Awad et al. also observed some patients with high-level focal amplifications of the KRAS (G12C) allele [94]. Xue et al. found the increased new KRAS (G12C) protein in KRAS (G12C)-mutant tumor cells and elucidate that EGFR can promote the conversion of KRAS from the GDP state to the GTP-bound state (activated state) and AURKA can maintain its active state by binding to KRAS [7]. Since KRAS (G12C) inhibitors only bind to KRAS-GDP conformation, drug resistance may occur in cells with increasing GTP-bound KRAS [7]. Recently, novel molecules binding to the GTP-bound state of KRAS were discovered [11]. RM-007 and RM-008 covalently bind to KRAS (G12C) and KRAS (G13C), respectively, in the GTP-bound state and have antiproliferative activity in cells. However, since the canonical GTP confirmation could be disrupted after binding molecules, approaches targeting the GTP-bound state might also yield potential resistance to covalent inhibitors of GDP-bound KRAS (G12C) [10].

Feedback activation of KRAS upstream and downstream signaling pathways

Multiple studies have demonstrated that the efficacy of KRAS inhibition can be attenuated by feedback activation of upstream or downstream mediators and other negative regulators. Stimulation of ARS1620-treated cells with epidermal growth factor (EGF) resulted in reactivation of KRAS in the cells, strongly suggesting that EGFR mediates adaptive resistance to KRAS (G12C) inhibitors [97]. When activated by signals from RTKs, such as EGFR, KRAS triggered multiple proliferative signaling cascades, including MAPK and PI3K pathways to induce cell growth, division, and differentiation [8, 12, 98].

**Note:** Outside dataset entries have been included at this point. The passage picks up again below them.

(* Let $g_1, g_2$ be integers with $g_1 > g_2 \geq 2$, and let $\beta > 0$ be a real number. Let $(a_n)_{n\geq 1}$ be a sequence of positive integers with $a_1 \geq 2$ and $a_{n+1} = a_n^{1+\beta}$ for all $n \geq 1$. Define $$\theta_1 = \sum_{n=1}^{\infty} \frac{1}{g_1^{a_n}}, \qquad \theta_2 = \sum_{n=1}^{\infty} \frac{1}{g_2^{a_n}}.$$ Then each of the real numbers $\theta_1 + \theta_2$, $\theta_1 - \theta_2$, $\theta_1 \theta_2$ and $\theta_1/\theta_2$ is transcendental. *)

From HB Require Import structures.
From mathcomp Require Import all_boot all_order all_algebra.
From mathcomp Require Import all_classical all_reals all_analysis.
Set Implicit Arguments. Unset Strict Implicit. Unset Printing Implicit Defensive.
Import Order.TTheory GRing.Theory Num.Theory.
Local Open Scope ring_scope.

Definition algebraic (R : realType) (x : R) : Prop :=
  exists p : {poly rat}, p != 0 /\ root (map_poly (@ratr R) p) x.

Definition transcendental (R : realType) (x : R) : Prop := ~ algebraic x.

(* Each theta_g is approximated by its partial sums, rationals with denominator
   g^(a n), to within a constant times g^-(a (n+1)).  Adding, subtracting,
   multiplying or dividing the partial sums for g1 and g2 therefore gives
   rationals p/q with q <= (g1 g2)^(a n) at distance O(g2^-(a (n+1))) from the
   corresponding combination of theta1 and theta2.  Since a (n+1) / a n
   = a n ^ beta is unbounded, these approximations beat every power of q, and
   Liouville's inequality yields transcendence.  That the approximations are
   never exact comes from g2 < g1: the tail of theta1 is negligible compared
   with that of theta2, so the two tails cannot cancel. *)

From HB Require Import structures.
From mathcomp Require Import all_boot all_order all_algebra.
From mathcomp Require Import all_classical all_reals all_analysis.
From mathcomp Require Import ring lra zify.
Set Implicit Arguments. Unset Strict Implicit. Unset Printing Implicit Defensive.
Import Order.TTheory GRing.Theory Num.Theory.
Local Open Scope ring_scope.

Definition rat_approx (R : realType) (x : R) (Q : nat) (eps : R) : Prop :=
  exists (p : int) (q : nat),
    (2 <= q <= Q)%N /\ 0 < `|x - p%:~R / q%:R| <= eps.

Further studies reveal that tumor type can affect response rates partially owing to the different levels of RTK activation. Most patients with KRAS (G12C) in NSCLC benefit from selective KRAS (G12C) inhibition, whereas CRC patients with the same mutation rarely respond to KRAS (G12C) inhibition [99]. Unlike NSCLC cell lines, the KRAS (G12C) CRC models have a high basal level of RTK activation and respond to growth factor stimulation [99]. KRAS (G12C) inhibition induces a higher rebound of phosphorylated ERK in CRC cells than in NSCLC cells. Hence, enhanced EGFR signaling is thought to mediate adaptive resistance of KRAS (G12C) inhibitors [99,100,101]. The anti-EGFR antibodies, cetuximab and panitumumab, were approved to treat RAS/RAF wild-type CRC. Cetuximab sensitizes the KRAS (G12C) CRC cells to AMG510, and the combination restores secondary resistance to anti-EGFR antibodies. In contrast, EGFR TKIs were approved for the treatment of EGFR-mutant lung cancer. Since RTK signaling in CRC is dominated by wild-type EGFR, a KRAS (G12C) inhibitor combined with an anti-EGFR monoclonal antibody can block receptor signaling rather than inhibit EGFR kinase activity [102,103,104].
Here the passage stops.